## About this task
Please say how many lines of the entries below contain the word "sscale", and leave out everything else.

Start of Information supplied

(* Let $\mathbb{K}$ be a field of characteristic $0$, $A=\{a_1<a_2<\cdots\}$ a countable totally ordered alphabet, and equip $\mathbb{K}\langle A\rangle^+$ with the operations $\prec,\circ,\succ$ defined on nonempty words by: $u\succ v=uv$ if $\max(u)<\max(v)$ and $0$ otherwise; $u\circ v=uv$ if $\max(u)=\max(v)$ and $0$ otherwise; $u\prec v=uv$ if $\max(u)>\max(v)$ and $0$ otherwise (extended bilinearly). Let $\mathbf{M}_1=\sum_{i\ge1}a_i$. Then the sub-dendriform-trialgebra $\mathfrak{T}$ of $\mathbb{K}\langle A\rangle^+$ generated by $\mathbf{M}_1$ is free as a dendriform trialgebra (on the generator $\mathbf{M}_1$).
   Context: $\mathbb{K}\langle A\rangle=\varprojlim\mathbb{K}\langle A_n\rangle$ with $A_n=\{a_1,\dots,a_n\}$, and $\mathbb{K}\langle A\rangle^+$ is its ideal of elements with zero constant term; $\max(w)$ denotes the greatest letter of a nonempty word $w$. A dendriform trialgebra is a vector space with bilinear operations $\prec,\circ,\succ$, with $\circ$ associative, such that, with $x\cdot y=x\prec y+x\circ y+x\succ y$: $(x\prec y)\prec z=x\prec(y\cdot z)$, $(x\succ y)\prec z=x\succ(y\prec z)$, $(x\cdot y)\succ z=x\succ(y\succ z)$, $(x\succ y)\circ z=x\succ(y\circ z)$, $(x\prec y)\circ z=x\circ(y\succ z)$, $(x\circ y)\prec z=x\circ(y\prec z)$. (With these operations $\mathbb{K}\langle A\rangle^+$ is a dendriform trialgebra.) *)

From mathcomp Require Import all_boot all_order all_algebra.
Set Implicit Arguments. Unset Strict Implicit. Unset Printing Implicit Defensive.
Import GRing.Theory.
Local Open Scope ring_scope.

(* Alphabet A = {a_0 < a_1 < ...} is represented by nat (letter a_i = i);
   words are seq nat.  Elements of K<A> (the inverse limit) are represented
   as coefficient functions on words (formal series). *)
Definition series (K : fieldType) := seq nat -> K.

Section Series.
Variable K : fieldType.

Definition szero : series K := fun _ => 0.
Definition sadd (f g : series K) : series K := fun w => f w + g w.
Definition sscale (a : K) (f : series K) : series K := fun w => a * f w.

Definition maxw (w : seq nat) : nat := foldr maxn 0%N w.

(* bilinear extension of  u op v = uv if c (max u) (max v), 0 otherwise,
   for nonempty words u, v *)
Definition tri_op (c : nat -> nat -> bool) (f g : series K) : series K :=
  fun w => \sum_(1 <= i < size w | c (maxw (take i w)) (maxw (drop i w)))
              f (take i w) * g (drop i w).

Definition sprec := tri_op (fun m n => n < m)%N.
Definition scirc := tri_op (fun m n => m == n).
Definition ssucc := tri_op (fun m n => m < n)%N.

Definition M1 : series K := fun w => if size w == 1%N then 1 else 0.

Inductive inGenM1 : series K -> Prop :=
| genM1_M1 : inGenM1 M1
| genM1_0 : inGenM1 szero
| genM1_add x y : inGenM1 x -> inGenM1 y -> inGenM1 (sadd x y)
| genM1_scale a x : inGenM1 x -> inGenM1 (sscale a x)
| genM1_prec x y : inGenM1 x -> inGenM1 y -> inGenM1 (sprec x y)
| genM1_circ x y : inGenM1 x -> inGenM1 y -> inGenM1 (scirc x y)
| genM1_succ x y : inGenM1 x -> inGenM1 y -> inGenM1 (ssucc x y).
End Series.

Record dendTri (K : fieldType) := DendTri {
  dt_car :> lmodType K;
  dt_prec : dt_car -> dt_car -> dt_car;
  dt_circ : dt_car -> dt_car -> dt_car;
  dt_succ : dt_car -> dt_car -> dt_car;
  dt_prec_linl : forall z, linear (dt_prec ^~ z);
  dt_prec_linr : forall z, linear (dt_prec z);
  dt_circ_linl : forall z, linear (dt_circ ^~ z);
  dt_circ_linr : forall z, linear (dt_circ z);
  dt_succ_linl : forall z, linear (dt_succ ^~ z);
  dt_succ_linr : forall z, linear (dt_succ z);
  dt_circA : forall x y z, dt_circ (dt_circ x y) z = dt_circ x (dt_circ y z);
  dt_ax1 : forall x y z, dt_prec (dt_prec x y) z
             = dt_prec x (dt_prec y z + dt_circ y z + dt_succ y z);
  dt_ax2 : forall x y z, dt_prec (dt_succ x y) z = dt_succ x (dt_prec y z);
  dt_ax3 : forall x y z, dt_succ (dt_prec x y + dt_circ x y + dt_succ x y) z
             = dt_succ x (dt_succ y z);
  dt_ax4 : forall x y z, dt_circ (dt_succ x y) z = dt_succ x (dt_circ y z);
  dt_ax5 : forall x y z, dt_circ (dt_prec x y) z = dt_circ x (dt_succ y z);
  dt_ax6 : forall x y z, dt_prec (dt_circ x y) z = dt_circ x (dt_prec y z)
}.

(* f is a morphism of dendriform trialgebras on the subset P (assumed to be
   a sub-trialgebra) of series K, into D *)
Definition dt_morph_on (K : fieldType) (D : dendTri K)
  (P : series K -> Prop) (f : series K -> D) : Prop :=
  forall x y, P x -> P y ->
    [/\ f (sadd x y) = f x + f y,
        forall a, f (sscale a x) = a *: f x,
        f (sprec x y) = dt_prec (f x) (f y),
        f (scirc x y) = dt_circ (f x) (f y)
      & f (ssucc x y) = dt_succ (f x) (f y)].

Definition free_dendTri_on (K : fieldType) (P : series K -> Prop)
  (g : series K) : Prop :=
  forall (D : dendTri K) (d : D),
    (exists f : series K -> D, f g = d /\ dt_morph_on P f) /\
    (forall f1 f2 : series K -> D, f1 g = d -> f2 g = d ->
       dt_morph_on P f1 -> dt_morph_on P f2 ->
       forall x, P x -> f1 x = f2 x).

End of Information supplied

## Solution to this task
3